* What this task involves *
Below are lines of data. Give the number of them that contain the string "rewrite", and nothing else.

* Records for the exercise *

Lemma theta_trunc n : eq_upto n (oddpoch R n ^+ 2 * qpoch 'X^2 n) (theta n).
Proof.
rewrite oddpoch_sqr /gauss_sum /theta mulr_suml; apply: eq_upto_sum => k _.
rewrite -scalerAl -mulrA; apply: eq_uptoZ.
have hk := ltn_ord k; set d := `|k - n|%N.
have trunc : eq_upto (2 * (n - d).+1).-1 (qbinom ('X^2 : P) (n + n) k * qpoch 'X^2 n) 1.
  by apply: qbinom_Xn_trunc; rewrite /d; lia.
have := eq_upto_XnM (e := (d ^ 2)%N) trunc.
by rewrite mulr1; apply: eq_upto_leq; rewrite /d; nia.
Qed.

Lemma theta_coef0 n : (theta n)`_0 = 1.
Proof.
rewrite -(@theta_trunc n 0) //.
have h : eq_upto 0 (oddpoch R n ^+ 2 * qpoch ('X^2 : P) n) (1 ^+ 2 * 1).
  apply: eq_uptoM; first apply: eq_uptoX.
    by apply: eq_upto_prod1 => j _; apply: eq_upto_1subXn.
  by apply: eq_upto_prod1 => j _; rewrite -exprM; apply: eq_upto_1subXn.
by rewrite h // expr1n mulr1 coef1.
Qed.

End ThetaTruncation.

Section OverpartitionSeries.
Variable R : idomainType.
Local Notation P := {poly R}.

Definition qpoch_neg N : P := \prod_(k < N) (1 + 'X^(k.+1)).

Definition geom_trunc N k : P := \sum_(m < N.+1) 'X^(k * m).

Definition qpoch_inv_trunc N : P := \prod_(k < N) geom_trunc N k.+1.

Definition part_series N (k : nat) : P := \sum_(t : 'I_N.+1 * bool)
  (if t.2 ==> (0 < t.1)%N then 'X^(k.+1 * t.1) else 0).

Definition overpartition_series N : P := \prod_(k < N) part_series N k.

* Answer box *
7